§ Collected data entries:
•••

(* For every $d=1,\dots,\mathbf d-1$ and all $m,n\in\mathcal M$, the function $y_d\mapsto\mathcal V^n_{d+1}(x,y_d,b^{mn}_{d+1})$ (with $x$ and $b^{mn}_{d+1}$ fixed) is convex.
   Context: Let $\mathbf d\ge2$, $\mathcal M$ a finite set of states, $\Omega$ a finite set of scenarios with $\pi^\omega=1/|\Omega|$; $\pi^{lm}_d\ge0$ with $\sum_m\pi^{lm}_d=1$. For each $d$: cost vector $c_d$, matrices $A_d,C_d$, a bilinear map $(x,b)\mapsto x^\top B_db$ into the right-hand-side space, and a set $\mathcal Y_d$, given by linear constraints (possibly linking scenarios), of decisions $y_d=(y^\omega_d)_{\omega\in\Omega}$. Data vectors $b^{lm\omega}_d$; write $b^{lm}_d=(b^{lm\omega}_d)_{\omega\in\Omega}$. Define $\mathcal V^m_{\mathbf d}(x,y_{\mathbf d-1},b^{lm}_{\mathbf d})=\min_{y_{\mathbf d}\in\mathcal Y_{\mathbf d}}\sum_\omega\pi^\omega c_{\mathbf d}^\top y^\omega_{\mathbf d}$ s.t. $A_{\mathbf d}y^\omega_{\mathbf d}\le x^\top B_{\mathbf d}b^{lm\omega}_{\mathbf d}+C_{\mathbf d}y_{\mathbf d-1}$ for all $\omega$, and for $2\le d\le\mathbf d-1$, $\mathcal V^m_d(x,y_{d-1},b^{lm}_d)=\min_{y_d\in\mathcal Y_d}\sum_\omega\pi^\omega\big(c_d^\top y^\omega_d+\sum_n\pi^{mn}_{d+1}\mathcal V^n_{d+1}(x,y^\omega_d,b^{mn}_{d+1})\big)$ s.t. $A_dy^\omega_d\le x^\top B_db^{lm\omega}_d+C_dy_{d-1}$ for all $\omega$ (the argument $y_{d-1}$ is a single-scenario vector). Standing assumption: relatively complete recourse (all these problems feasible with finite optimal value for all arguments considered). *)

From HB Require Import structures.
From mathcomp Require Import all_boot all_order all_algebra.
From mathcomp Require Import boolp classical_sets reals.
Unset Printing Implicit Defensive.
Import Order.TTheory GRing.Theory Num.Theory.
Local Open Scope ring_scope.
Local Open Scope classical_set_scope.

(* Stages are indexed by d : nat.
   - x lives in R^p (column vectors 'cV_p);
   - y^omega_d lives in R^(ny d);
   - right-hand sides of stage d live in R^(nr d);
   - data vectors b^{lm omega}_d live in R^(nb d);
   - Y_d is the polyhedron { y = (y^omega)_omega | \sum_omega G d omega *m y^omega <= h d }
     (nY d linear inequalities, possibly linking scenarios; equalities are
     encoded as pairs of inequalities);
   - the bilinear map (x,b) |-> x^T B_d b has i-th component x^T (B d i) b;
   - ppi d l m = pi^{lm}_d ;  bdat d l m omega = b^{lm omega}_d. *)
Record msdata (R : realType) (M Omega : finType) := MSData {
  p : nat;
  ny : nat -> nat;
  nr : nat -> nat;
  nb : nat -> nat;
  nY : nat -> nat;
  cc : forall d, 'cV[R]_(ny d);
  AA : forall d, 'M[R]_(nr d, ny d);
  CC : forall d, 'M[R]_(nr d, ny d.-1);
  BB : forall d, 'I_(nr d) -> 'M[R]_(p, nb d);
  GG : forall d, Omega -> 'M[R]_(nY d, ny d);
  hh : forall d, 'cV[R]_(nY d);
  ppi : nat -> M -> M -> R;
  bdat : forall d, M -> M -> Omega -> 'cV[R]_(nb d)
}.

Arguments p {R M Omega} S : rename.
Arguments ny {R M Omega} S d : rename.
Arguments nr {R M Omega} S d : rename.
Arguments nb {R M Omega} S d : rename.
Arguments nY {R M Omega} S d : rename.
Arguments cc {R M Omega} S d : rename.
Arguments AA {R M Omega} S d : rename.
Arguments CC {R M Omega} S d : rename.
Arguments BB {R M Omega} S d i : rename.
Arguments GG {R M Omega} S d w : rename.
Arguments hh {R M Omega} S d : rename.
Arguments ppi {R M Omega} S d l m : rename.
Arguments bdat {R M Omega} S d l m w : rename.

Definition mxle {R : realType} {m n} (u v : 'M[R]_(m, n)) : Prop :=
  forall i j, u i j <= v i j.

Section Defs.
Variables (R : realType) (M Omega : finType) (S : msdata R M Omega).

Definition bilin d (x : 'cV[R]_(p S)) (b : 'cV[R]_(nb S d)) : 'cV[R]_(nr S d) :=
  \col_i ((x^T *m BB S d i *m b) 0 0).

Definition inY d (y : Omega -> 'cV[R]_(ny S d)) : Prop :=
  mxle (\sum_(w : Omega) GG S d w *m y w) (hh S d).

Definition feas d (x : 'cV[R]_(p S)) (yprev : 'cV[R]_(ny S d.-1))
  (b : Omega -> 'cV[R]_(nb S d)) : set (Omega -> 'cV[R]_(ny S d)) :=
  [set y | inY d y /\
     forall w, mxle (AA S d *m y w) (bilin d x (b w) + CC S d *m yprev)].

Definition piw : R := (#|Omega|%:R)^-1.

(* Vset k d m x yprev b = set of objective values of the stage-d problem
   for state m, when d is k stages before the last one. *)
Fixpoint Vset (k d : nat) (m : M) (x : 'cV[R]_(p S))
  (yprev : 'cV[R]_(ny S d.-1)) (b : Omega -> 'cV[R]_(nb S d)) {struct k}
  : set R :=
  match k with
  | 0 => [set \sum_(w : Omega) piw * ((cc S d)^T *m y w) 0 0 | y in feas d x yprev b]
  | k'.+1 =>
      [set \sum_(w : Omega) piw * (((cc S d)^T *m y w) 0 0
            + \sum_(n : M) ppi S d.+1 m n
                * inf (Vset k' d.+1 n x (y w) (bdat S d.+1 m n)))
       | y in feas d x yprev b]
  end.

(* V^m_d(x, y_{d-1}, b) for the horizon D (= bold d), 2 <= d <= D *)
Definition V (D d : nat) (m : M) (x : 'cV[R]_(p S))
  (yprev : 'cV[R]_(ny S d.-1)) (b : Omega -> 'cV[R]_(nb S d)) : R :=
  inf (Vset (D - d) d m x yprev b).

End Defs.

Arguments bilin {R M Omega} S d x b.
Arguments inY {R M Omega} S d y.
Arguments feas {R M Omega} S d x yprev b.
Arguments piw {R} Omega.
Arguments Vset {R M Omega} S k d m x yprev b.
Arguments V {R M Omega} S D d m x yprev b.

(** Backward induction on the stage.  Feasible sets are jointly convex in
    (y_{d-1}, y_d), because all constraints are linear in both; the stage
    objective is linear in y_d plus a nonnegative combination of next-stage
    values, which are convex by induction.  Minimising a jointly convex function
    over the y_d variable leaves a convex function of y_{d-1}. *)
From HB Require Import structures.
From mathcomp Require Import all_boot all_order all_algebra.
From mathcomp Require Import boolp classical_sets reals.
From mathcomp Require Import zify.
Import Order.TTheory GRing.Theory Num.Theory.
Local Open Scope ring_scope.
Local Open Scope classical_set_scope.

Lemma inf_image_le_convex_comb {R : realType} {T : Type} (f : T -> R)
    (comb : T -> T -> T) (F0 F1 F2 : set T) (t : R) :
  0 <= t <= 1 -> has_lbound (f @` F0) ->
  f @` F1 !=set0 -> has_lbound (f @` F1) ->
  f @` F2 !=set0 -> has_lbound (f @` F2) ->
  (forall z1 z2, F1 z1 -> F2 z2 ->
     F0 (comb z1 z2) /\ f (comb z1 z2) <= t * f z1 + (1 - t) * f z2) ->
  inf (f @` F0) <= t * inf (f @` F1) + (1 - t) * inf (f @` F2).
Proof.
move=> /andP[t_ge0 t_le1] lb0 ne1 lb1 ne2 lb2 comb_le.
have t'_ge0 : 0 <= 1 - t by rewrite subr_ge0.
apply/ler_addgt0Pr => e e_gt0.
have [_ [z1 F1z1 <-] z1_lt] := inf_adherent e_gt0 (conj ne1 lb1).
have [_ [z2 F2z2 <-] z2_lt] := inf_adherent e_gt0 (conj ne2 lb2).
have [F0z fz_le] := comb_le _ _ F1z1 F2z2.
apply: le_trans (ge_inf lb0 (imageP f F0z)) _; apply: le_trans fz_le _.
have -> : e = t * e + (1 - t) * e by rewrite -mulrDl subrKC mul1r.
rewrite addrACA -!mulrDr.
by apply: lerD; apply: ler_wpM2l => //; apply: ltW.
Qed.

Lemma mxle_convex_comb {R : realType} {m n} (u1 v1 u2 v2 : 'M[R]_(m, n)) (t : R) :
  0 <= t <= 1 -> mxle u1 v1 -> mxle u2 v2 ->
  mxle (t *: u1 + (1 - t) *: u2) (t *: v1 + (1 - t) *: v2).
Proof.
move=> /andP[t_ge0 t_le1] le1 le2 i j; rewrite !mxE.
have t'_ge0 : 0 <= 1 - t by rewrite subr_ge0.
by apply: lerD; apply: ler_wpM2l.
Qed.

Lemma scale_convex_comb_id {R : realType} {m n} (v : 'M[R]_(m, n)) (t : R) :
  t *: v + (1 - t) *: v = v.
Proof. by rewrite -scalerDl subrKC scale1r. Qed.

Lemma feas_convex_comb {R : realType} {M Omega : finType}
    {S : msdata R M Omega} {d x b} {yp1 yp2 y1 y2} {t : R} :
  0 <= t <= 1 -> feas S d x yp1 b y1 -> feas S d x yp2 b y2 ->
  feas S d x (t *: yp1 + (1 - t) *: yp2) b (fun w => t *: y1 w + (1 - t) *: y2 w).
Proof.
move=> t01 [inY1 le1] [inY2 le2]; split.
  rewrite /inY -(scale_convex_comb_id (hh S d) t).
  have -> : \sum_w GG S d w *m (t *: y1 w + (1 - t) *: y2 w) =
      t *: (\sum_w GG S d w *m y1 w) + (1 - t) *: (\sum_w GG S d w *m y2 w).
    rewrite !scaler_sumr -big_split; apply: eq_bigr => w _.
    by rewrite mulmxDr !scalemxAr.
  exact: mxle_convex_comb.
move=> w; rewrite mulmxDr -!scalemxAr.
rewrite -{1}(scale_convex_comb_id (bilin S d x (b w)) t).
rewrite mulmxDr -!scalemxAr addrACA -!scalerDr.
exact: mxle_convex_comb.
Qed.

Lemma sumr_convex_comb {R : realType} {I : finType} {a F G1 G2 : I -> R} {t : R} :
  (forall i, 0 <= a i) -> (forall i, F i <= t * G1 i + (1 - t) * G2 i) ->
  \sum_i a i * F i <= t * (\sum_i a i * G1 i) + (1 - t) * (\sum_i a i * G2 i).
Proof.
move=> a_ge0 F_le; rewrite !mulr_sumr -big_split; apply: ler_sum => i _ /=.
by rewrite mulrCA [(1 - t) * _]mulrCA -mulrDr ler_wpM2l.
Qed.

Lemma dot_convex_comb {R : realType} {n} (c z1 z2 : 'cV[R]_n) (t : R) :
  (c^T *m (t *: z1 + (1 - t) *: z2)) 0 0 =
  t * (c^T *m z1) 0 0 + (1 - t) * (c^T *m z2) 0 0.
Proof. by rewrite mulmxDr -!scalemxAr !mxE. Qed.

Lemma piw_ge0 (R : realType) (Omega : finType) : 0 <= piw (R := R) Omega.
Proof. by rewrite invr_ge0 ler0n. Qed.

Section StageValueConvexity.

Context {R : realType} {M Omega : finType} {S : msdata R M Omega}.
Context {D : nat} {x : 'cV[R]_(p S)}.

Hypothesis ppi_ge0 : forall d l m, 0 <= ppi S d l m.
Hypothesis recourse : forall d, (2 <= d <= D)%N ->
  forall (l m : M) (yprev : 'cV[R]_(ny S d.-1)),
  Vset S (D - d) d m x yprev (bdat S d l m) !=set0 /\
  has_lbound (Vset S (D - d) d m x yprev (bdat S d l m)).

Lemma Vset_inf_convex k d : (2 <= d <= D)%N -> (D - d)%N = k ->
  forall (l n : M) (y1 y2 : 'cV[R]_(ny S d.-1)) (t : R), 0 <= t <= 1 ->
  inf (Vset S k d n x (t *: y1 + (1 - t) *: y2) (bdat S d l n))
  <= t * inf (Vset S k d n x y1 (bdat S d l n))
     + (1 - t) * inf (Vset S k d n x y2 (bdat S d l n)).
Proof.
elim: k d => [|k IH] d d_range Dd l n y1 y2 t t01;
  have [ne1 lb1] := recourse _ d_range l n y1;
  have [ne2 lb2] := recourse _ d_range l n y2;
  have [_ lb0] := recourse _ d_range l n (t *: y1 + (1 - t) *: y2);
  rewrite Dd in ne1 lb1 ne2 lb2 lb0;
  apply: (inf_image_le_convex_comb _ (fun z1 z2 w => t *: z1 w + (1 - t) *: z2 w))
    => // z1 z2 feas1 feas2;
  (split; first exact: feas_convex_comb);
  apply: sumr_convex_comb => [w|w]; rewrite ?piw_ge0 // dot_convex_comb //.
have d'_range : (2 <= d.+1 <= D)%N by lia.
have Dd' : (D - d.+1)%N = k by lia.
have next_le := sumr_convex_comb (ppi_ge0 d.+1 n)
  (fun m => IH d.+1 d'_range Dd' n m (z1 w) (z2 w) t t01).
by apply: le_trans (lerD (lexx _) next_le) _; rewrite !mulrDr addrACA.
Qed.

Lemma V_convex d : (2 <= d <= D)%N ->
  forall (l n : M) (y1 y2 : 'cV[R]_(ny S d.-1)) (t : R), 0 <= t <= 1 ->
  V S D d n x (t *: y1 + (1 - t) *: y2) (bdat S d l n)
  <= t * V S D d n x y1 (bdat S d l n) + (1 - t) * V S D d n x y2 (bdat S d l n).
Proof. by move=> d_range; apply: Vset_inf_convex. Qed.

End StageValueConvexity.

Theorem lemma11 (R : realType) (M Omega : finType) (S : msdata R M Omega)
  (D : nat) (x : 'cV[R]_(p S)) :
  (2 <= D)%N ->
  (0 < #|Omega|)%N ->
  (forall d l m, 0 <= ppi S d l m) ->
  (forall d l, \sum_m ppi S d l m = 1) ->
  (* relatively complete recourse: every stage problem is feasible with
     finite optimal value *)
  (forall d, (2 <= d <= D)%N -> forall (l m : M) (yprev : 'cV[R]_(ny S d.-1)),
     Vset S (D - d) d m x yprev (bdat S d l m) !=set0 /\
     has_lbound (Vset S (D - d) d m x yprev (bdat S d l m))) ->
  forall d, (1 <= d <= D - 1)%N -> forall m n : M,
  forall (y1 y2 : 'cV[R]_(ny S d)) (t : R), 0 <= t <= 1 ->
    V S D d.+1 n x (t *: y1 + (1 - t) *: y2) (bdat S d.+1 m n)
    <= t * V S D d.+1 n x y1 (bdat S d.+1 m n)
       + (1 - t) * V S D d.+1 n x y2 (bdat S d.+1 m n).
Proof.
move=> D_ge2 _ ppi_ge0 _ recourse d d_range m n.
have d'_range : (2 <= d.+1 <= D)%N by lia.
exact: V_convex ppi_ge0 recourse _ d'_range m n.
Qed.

•••

Return only the part of the records above that opens with the line containing "match k with" and closes with the line containing "apply: le_trans (ge_inf", ends included.

§ RESULT FOR THIS EXERCISE:
  match k with
  | 0 => [set \sum_(w : Omega) piw * ((cc S d)^T *m y w) 0 0 | y in feas d x yprev b]
  | k'.+1 =>
      [set \sum_(w : Omega) piw * (((cc S d)^T *m y w) 0 0
            + \sum_(n : M) ppi S d.+1 m n
                * inf (Vset k' d.+1 n x (y w) (bdat S d.+1 m n)))
       | y in feas d x yprev b]
  end.

(* V^m_d(x, y_{d-1}, b) for the horizon D (= bold d), 2 <= d <= D *)
Definition V (D d : nat) (m : M) (x : 'cV[R]_(p S))
  (yprev : 'cV[R]_(ny S d.-1)) (b : Omega -> 'cV[R]_(nb S d)) : R :=
  inf (Vset (D - d) d m x yprev b).

End Defs.

Arguments bilin {R M Omega} S d x b.
Arguments inY {R M Omega} S d y.
Arguments feas {R M Omega} S d x yprev b.
Arguments piw {R} Omega.
Arguments Vset {R M Omega} S k d m x yprev b.
Arguments V {R M Omega} S D d m x yprev b.

(** Backward induction on the stage.  Feasible sets are jointly convex in
    (y_{d-1}, y_d), because all constraints are linear in both; the stage
    objective is linear in y_d plus a nonnegative combination of next-stage
    values, which are convex by induction.  Minimising a jointly convex function
    over the y_d variable leaves a convex function of y_{d-1}. *)
From HB Require Import structures.
From mathcomp Require Import all_boot all_order all_algebra.
From mathcomp Require Import boolp classical_sets reals.
From mathcomp Require Import zify.
Import Order.TTheory GRing.Theory Num.Theory.
Local Open Scope ring_scope.
Local Open Scope classical_set_scope.

Lemma inf_image_le_convex_comb {R : realType} {T : Type} (f : T -> R)
    (comb : T -> T -> T) (F0 F1 F2 : set T) (t : R) :
  0 <= t <= 1 -> has_lbound (f @` F0) ->
  f @` F1 !=set0 -> has_lbound (f @` F1) ->
  f @` F2 !=set0 -> has_lbound (f @` F2) ->
  (forall z1 z2, F1 z1 -> F2 z2 ->
     F0 (comb z1 z2) /\ f (comb z1 z2) <= t * f z1 + (1 - t) * f z2) ->
  inf (f @` F0) <= t * inf (f @` F1) + (1 - t) * inf (f @` F2).
Proof.
move=> /andP[t_ge0 t_le1] lb0 ne1 lb1 ne2 lb2 comb_le.
have t'_ge0 : 0 <= 1 - t by rewrite subr_ge0.
apply/ler_addgt0Pr => e e_gt0.
have [_ [z1 F1z1 <-] z1_lt] := inf_adherent e_gt0 (conj ne1 lb1).
have [_ [z2 F2z2 <-] z2_lt] := inf_adherent e_gt0 (conj ne2 lb2).
have [F0z fz_le] := comb_le _ _ F1z1 F2z2.
apply: le_trans (ge_inf lb0 (imageP f F0z)) _; apply: le_trans fz_le _.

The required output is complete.